Experiments with coconut-fiber composite concrete were performed by changing the fiber treatment, fiber volume proportion, mix design, and cylinder ages. The maximum values of the studied properties can be observed in a combination of NaOH-treated fibers, with lower design strength, and lower fiber volume proportion. Fiber-matrix adhesion played a key role in improving the performance of CS cylinders compared with SF cylinders. Fiber inclusion in concrete mixes was a feasible strategy to reduce greenhouse-gas emissions during concrete manufacturing, owing to the acceptable mechanical properties and complementarity to the corresponding strategies reviewed in the literature. Based on our results, the following conclusions were drawn:

• The best results were obtained for concrete cylinders made with a design strength of 20.59 MPa, including a 0.5% volume fraction of NaOH-treated fibers, which slightly exceeded that of fiber-free concrete. Mostly, increasing the fiber volume fraction and design compressive strength led to a major disadvantage in compressive strength and modulus of elasticity of composite concrete, compared with fiber-free concrete.

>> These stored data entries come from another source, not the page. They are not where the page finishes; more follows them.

Lemma heq_vcomp_idr {A B} {f g h k : hom X A B} (a : cell X f g) (b : cell X g h) :
  heq a (vid k) -> heq (vcomp b a) b.
Proof.
  intros [p [q H]]. destruct p, q. simpl in H. subst. rewrite vcomp1r. apply heq_refl.
Qed.

Lemma heq_vid_trans {A B} {f g f' g' k k' : hom X A B} (a : cell X f g) (b : cell X f' g') :
  heq a (vid k) -> heq b (vid k') -> f = f' -> heq a b.
Proof.
  intros Ha Hb E. eapply heq_trans; [exact Ha|]. apply heq_sym. eapply heq_trans; [exact Hb|].
  destruct Ha as [p [q _]], Hb as [p' [q' _]]. apply heq_vid. congruence.
Qed.

Lemma heq_family {T : Type} {A B : obj X} (F1 F2 : T -> hom X A B)
  (M : forall t, cell X (F1 t) (F2 t)) (t t' : T) : t = t' -> heq (M t) (M t').
Proof. intros ->. apply heq_refl. Qed.

Lemma cell_heq_iff_heq {A B} {f g f' g' : hom X A B} (a : cell X f g) (b : cell X f' g') :
  cell_heq a b <-> heq a b.
Proof.
  split.
  - intros [p [q H]]. destruct p, q. simpl in H. rewrite vcomp1l, vcomp1r in H. subst.
    apply heq_refl.
  - intros [p [q H]]. destruct p, q. simpl in H. subst. exists eq_refl, eq_refl. simpl.
    rewrite vcomp1l, vcomp1r. reflexivity.
Qed.

End HeterogeneousCellEquality.


Section BigroupoidFacts.
Context {X : Bigroupoid}.

Lemma vinv_unique {A B} {f g : hom X A B} (a : cell X f g) (b : cell X g f) :
  vcomp b a = vid f -> b = vinv X a.
Proof.
  intros H. rewrite <- (vcomp1r _ _ _ _ _ b), <- (vinvr _ _ _ _ _ a).
  rewrite vcompA, H, vcomp1l. reflexivity.
Qed.

Lemma vcomp_cancel_l {A B} {f g h : hom X A B} (n : cell X g h) (a b : cell X f g) :
  vcomp n a = vcomp n b -> a = b.
Proof.
  intros H. rewrite <- (vcomp1l _ _ _ _ _ a), <- (vcomp1l _ _ _ _ _ b),
    <- (vinvl _ _ _ _ _ n), <- !vcompA, H. reflexivity.
Qed.

Lemma vinv_vcomp {A B} {f g h : hom X A B} (a : cell X f g) (b : cell X g h) :
  vinv X (vcomp b a) = vcomp (vinv X a) (vinv X b).
Proof.
  symmetry. apply vinv_unique.
  rewrite <- vcompA, (vcompA _ _ _ _ _ _ _ (vinv X b)), vinvl, vcomp1l, vinvl. reflexivity.
Qed.

Lemma heq_vinv_vid {A B} {f g : hom X A B} (a : cell X f g) :
  heq a (vid f) -> heq (vinv X a) (vid g).
Proof.
  intros [p [q H]]. destruct q. rewrite (proof_irrelevance _ p eq_refl) in H. simpl in H.
  subst. rewrite <- (vinv_unique _ _ (vcomp1l _ _ _ _ _ (vid _))). apply heq_refl.
Qed.

Lemma hc2_split {A B C} {g g' : hom X B C} {f f' : hom X A B} (b : cell X g g')
  (a : cell X f f') : hc2 b a = vcomp (hc2 b (vid f')) (hc2 (vid g) a).
Proof. rewrite <- hc2_comp, vcomp1r, vcomp1l. reflexivity. Qed.

Lemma hc2_vcompr {A B C} (g : hom X B C) {f f' f'' : hom X A B} (a : cell X f f')
  (a' : cell X f' f'') :
  hc2 (vid g) (vcomp a' a) = vcomp (hc2 (vid g) a') (hc2 (vid g) a).
Proof. rewrite <- hc2_comp, vcomp1r. reflexivity. Qed.

Lemma hc2_vcompl {A B C} {g g' g'' : hom X B C} (f : hom X A B) (b : cell X g g')
  (b' : cell X g' g'') :
  hc2 (vcomp b' b) (vid f) = vcomp (hc2 b' (vid f)) (hc2 b (vid f)).
Proof. rewrite <- hc2_comp, vcomp1r. reflexivity. Qed.

Lemma vinv_asc_nat {A B C D : obj X} {h h' : hom X C D} {g g' : hom X B C}
  {f f' : hom X A B} (c : cell X h h') (b : cell X g g') (a : cell X f f') :
  vcomp (vinv X (asc h' g' f')) (hc2 c (hc2 b a))
  = vcomp (hc2 (hc2 c b) a) (vinv X (asc h g f)).
Proof.
  apply (vcomp_cancel_l (asc h' g' f')).
  rewrite !vcompA, vinvr, vcomp1l, asc_nat, <- vcompA, vinvr, vcomp1r. reflexivity.
Qed.

Lemma hc2_cell_of_eq_nat {A B Y : obj X} {u v : hom X B A} (x : cell X u v)
  {r r' : hom X Y B} (q : r = r') :
  vcomp (cell_of_eq (f_equal (hc v) q)) (hc2 x (vid r))
  = vcomp (hc2 x (vid r')) (cell_of_eq (f_equal (hc u) q)).
Proof. destruct q. simpl. rewrite vcomp1l, vcomp1r. reflexivity. Qed.

End BigroupoidFacts.


Section AUBigroupoid.
Context {X : Bigroupoid} (HAU : isAU X).

Lemma hc_assoc {A B C D : obj X} (h : hom X C D) (g : hom X B C) (f : hom X A B) :
  hc (hc h g) f = hc h (hc g f).
Proof. destruct HAU as [H _]. destruct (H _ _ _ _ h g f) as [p _]. exact p. Qed.

Lemma hc_id1l {A B : obj X} (f : hom X A B) : hc (id1 X B) f = f.
Proof. destruct HAU as [_ [H _]]. destruct (H _ _ f) as [p _]. exact p. Qed.

Lemma hc_id1r {A B : obj X} (f : hom X A B) : hc f (id1 X A) = f.
Proof. destruct HAU as [_ [_ H]]. destruct (H _ _ f) as [p _]. exact p. Qed.

Lemma heq_asc {A B C D : obj X} (h : hom X C D) (g : hom X B C) (f : hom X A B) :
  heq (asc h g f) (vid (hc (hc h g) f)).
Proof. destruct HAU as [H _]. destruct (H _ _ _ _ h g f) as [p ->]. apply heq_cell_of_eq. Qed.

Lemma heq_lu {A B : obj X} (f : hom X A B) : heq (lu f) (vid (hc (id1 X B) f)).
Proof. destruct HAU as [_ [H _]]. destruct (H _ _ f) as [p ->]. apply heq_cell_of_eq. Qed.

Lemma heq_ru {A B : obj X} (f : hom X A B) : heq (ru f) (vid (hc f (id1 X A))).
Proof. destruct HAU as [_ [_ H]]. destruct (H _ _ f) as [p ->]. apply heq_cell_of_eq. Qed.

(* Naturality of a, l and r, whose components are identities here. *)
Lemma hc2_assoc {A B C D : obj X} {h h' : hom X C D} {g g' : hom X B C} {f f' : hom X A B}
  (c : cell X h h') (b : cell X g g') (a : cell X f f') :
  heq (hc2 (hc2 c b) a) (hc2 c (hc2 b a)).
Proof.
  apply heq_trans with (b := vcomp (asc h' g' f') (hc2 (hc2 c b) a)).
  - apply heq_sym. eapply heq_vcomp_idl. apply heq_asc.
  - rewrite asc_nat. eapply heq_vcomp_idr. apply heq_asc.
Qed.

Lemma hc2_id1l {A B : obj X} {f f' : hom X A B} (a : cell X f f') :
  heq (hc2 (vid (id1 X B)) a) a.
Proof.
  apply heq_trans with (b := vcomp (lu f') (hc2 (vid (id1 X B)) a)).
  - apply heq_sym. eapply heq_vcomp_idl. apply heq_lu.
  - rewrite lu_nat. eapply heq_vcomp_idr. apply heq_lu.
Qed.

Lemma hc2_id1r {A B : obj X} {f f' : hom X A B} (a : cell X f f') :
  heq (hc2 a (vid (id1 X A))) a.
Proof.
  apply heq_trans with (b := vcomp (ru f') (hc2 a (vid (id1 X A)))).
  - apply heq_sym. eapply heq_vcomp_idl. apply heq_ru.
  - rewrite ru_nat. eapply heq_vcomp_idr. apply heq_ru.
Qed.

Lemma zigzag {A B : obj X} (f : hom X A B) :
  heq (vcomp (hc2 (vid f) (ev f)) (vcomp (asc f (inv1 f) f) (hc2 (co f) (vid f)))) (vid f).
Proof.
  apply heq_trans with (b := vcomp (ru f) (vcomp (hc2 (vid f) (ev f))
                          (vcomp (asc f (inv1 f) f) (hc2 (co f) (vid f))))).
  - apply heq_sym. eapply heq_vcomp_idl. apply heq_ru.
  - rewrite inverse_ax. eapply heq_trans; [apply heq_lu | apply heq_vid, hc_id1l].
Qed.

Lemma whisker_faithful {A B : obj X} {u v : hom X A B} (r : hom X A A)
  (k : cell X (id1 X A) r) (a a' : cell X u v) :
  hc2 a (vid r) = hc2 a' (vid r) -> a = a'.
Proof.
  intros H.
  assert (E : forall b : cell X u v, hc2 b (vid (id1 X A)) =
     vcomp (hc2 (vid v) (vinv X k)) (vcomp (hc2 b (vid r)) (hc2 (vid u) k))).
  { intros b. rewrite <- !hc2_comp, !vcomp1l, vcomp1r, vinvl. reflexivity. }
  apply heq_eq. apply heq_trans with (b := hc2 a (vid (id1 X A))).
  - apply heq_sym, hc2_id1r.
  - rewrite E, H, <- E. apply hc2_id1r.
Qed.

End AUBigroupoid.


Section Components.
Context {X : Bigroupoid}.

(* Components are encoded as predicates, so that connected 1-cells have equal
   components ([component_eq]) and hence the same representative. *)
Definition Component (Y A : obj X) : Type :=
  {P : hom X Y A -> Prop | exists u, P = fun v => inhabited (cell X u v)}.

Definition component {Y A : obj X} (u : hom X Y A) : Component Y A :=
  exist _ (fun v => inhabited (cell X u v)) (ex_intro _ u eq_refl).

Definition rep {Y A : obj X} (c : Component Y A) : hom X Y A :=
  proj1_sig (constructive_indefinite_description _ (proj2_sig c)).

Lemma rep_spec {Y A : obj X} (c : Component Y A) :
  proj1_sig c = fun v => inhabited (cell X (rep c) v).
Proof. unfold rep. destruct (constructive_indefinite_description _ _) as [u Hu]. exact Hu. Qed.

Lemma Component_ext {Y A : obj X} (c d : Component Y A) : proj1_sig c = proj1_sig d -> c = d.
Proof.
  destruct c as [P HP], d as [Q HQ]. simpl. intros ->. f_equal. apply proof_irrelevance.
Qed.

Lemma component_eq {Y A : obj X} (u v : hom X Y A) : cell X u v -> component u = component v.
Proof.
  intros a. apply Component_ext. simpl. apply functional_extensionality. intros w.
  apply propositional_extensionality. split; intros [b]; constructor.
  - exact (vcomp b (vinv X a)).
  - exact (vcomp b a).
Qed.

Lemma component_rep {Y A : obj X} (c : Component Y A) : component (rep c) = c.
Proof. apply Component_ext. simpl. symmetry. apply rep_spec. Qed.

Definition to_rep {Y A : obj X} (u : hom X Y A) : cell X u (rep (component u)).
Proof.
  assert (H : inhabited (cell X u (rep (component u)))).
  { pose proof (f_equal (fun P => P (rep (component u))) (rep_spec (component u))) as H.
    simpl in H. rewrite H. constructor. apply vid. }
  exact (proj1_sig (constructive_indefinite_description (fun _ => True)
    (match H with inhabits x => ex_intro _ x I end))).
Defined.

End Components.


Section NormalizedCells.
Context {X : Bigroupoid} (HAU : isAU X).

Record NHom (A B : obj X) := MkNHom {
  base1 : hom X A B;
  norm : forall (Y : obj X) (c : Component Y A),
    cell X (hc base1 (rep c)) (rep (component (hc base1 (rep c))))
}.
Arguments MkNHom {A B} _ _.
Arguments base1 {A B} _.
Arguments norm {A B} _ {Y} _.

Record NCell {A B : obj X} (U V : NHom A B) := MkNCell {
  base2 : cell X (base1 U) (base1 V);
  base2_norm : forall (Y : obj X) (c : Component Y A),
    heq (vcomp (norm V c) (hc2 base2 (vid (rep c)))) (norm U c)
}.
Arguments MkNCell {A B U V} _ _.
Arguments base2 {A B U V} _.
Arguments base2_norm {A B U V} _ _ _.

Lemma heq_norm {A B} (U : NHom A B) {Y} (c c' : Component Y A) :
  c = c' -> heq (norm U c) (norm U c').
Proof. intros ->. apply heq_refl. Qed.

Lemma NHom_ext {A B : obj X} (U V : NHom A B) :
  base1 U = base1 V -> (forall Y (c : Component Y A), heq (norm U c) (norm V c)) -> U = V.
Proof.
  destruct U as [u n], V as [v m]. simpl. intros p H. destruct p. f_equal.
  apply functional_extensionality_dep. intros Y.
  apply functional_extensionality_dep. intros c. apply heq_eq, H.
Qed.

Lemma NCell_unique {A B} {U V : NHom A B} (x y : NCell U V) : x = y.
Proof.
  assert (Hbase : base2 x = base2 y).
  { set (c0 := component (id1 X A)).
    apply (whisker_faithful HAU (rep c0) (to_rep (id1 X A))).
    apply (vcomp_cancel_l (norm V c0)), heq_eq.
    eapply heq_trans; [apply (base2_norm x) | apply heq_sym, (base2_norm y)]. }
  destruct x as [x px], y as [y py]. simpl in Hbase. subst y. f_equal.
  apply proof_irrelevance.
Qed.

Lemma rep_hc_rep {Y A B C : obj X} (g : hom X B C) (f : hom X A B) (r : hom X Y A) :
  rep (component (hc g (rep (component (hc f r))))) = rep (component (hc (hc g f) r)).
Proof.
  f_equal. apply component_eq.
  exact (vcomp (vinv X (asc g f r)) (hc2 (vid g) (vinv X (to_rep _)))).
Qed.

Lemma rep_hc_id1 {Y A : obj X} (c : Component Y A) :
  rep c = rep (component (hc (id1 X A) (rep c))).
Proof. f_equal. rewrite (component_eq _ _ (lu (rep c))). symmetry. apply component_rep. Qed.

Lemma component_hc_id1 {Y A : obj X} (c : Component Y A) :
  component (hc (id1 X A) (rep c)) = c.
Proof. rewrite (component_eq _ _ (lu (rep c))). apply component_rep. Qed.

Lemma rep_hc_inv1 {Y A B : obj X} (u : hom X A B) (c : Component Y B) :
  rep c = rep (component (hc u (rep (component (hc (inv1 u) (rep c)))))).
Proof.
  f_equal. rewrite (component_eq _ (rep c)); [symmetry; apply component_rep|].
  exact (vcomp (lu _) (vcomp (hc2 (vinv X (co u)) (vid _)) (vcomp (vinv X (asc _ _ _))
     (hc2 (vid u) (vinv X (to_rep _)))))).
Qed.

• Concrete density was not significantly affected by the volume fractions used in this research. More coconut fiber would be needed in the concrete mix to achieve lower densities.
• The mechanic properties of the fibers were similar among the CS and SF fibers. We observed a reduction in their features compared with the NT fibers, except for elongation and linear density, for which CS fibers achieved better performance.
• In all cases, the dosages of composite concrete with fibers exceeded the expected compressive strengths of 20.59 and 23.54 MPa, demonstrating the feasibility of adding 0.5% and 1% fibers and maintaining admissible mechanical properties.
• Emission savings of up to 4.54 kg CO₂ were observed, considering only the contribution of the fibers and up to 14.49 kg CO₂ per cubic meter of concrete, considering the non-incineration of all components of the original husk, with the addition of 1% of fibers.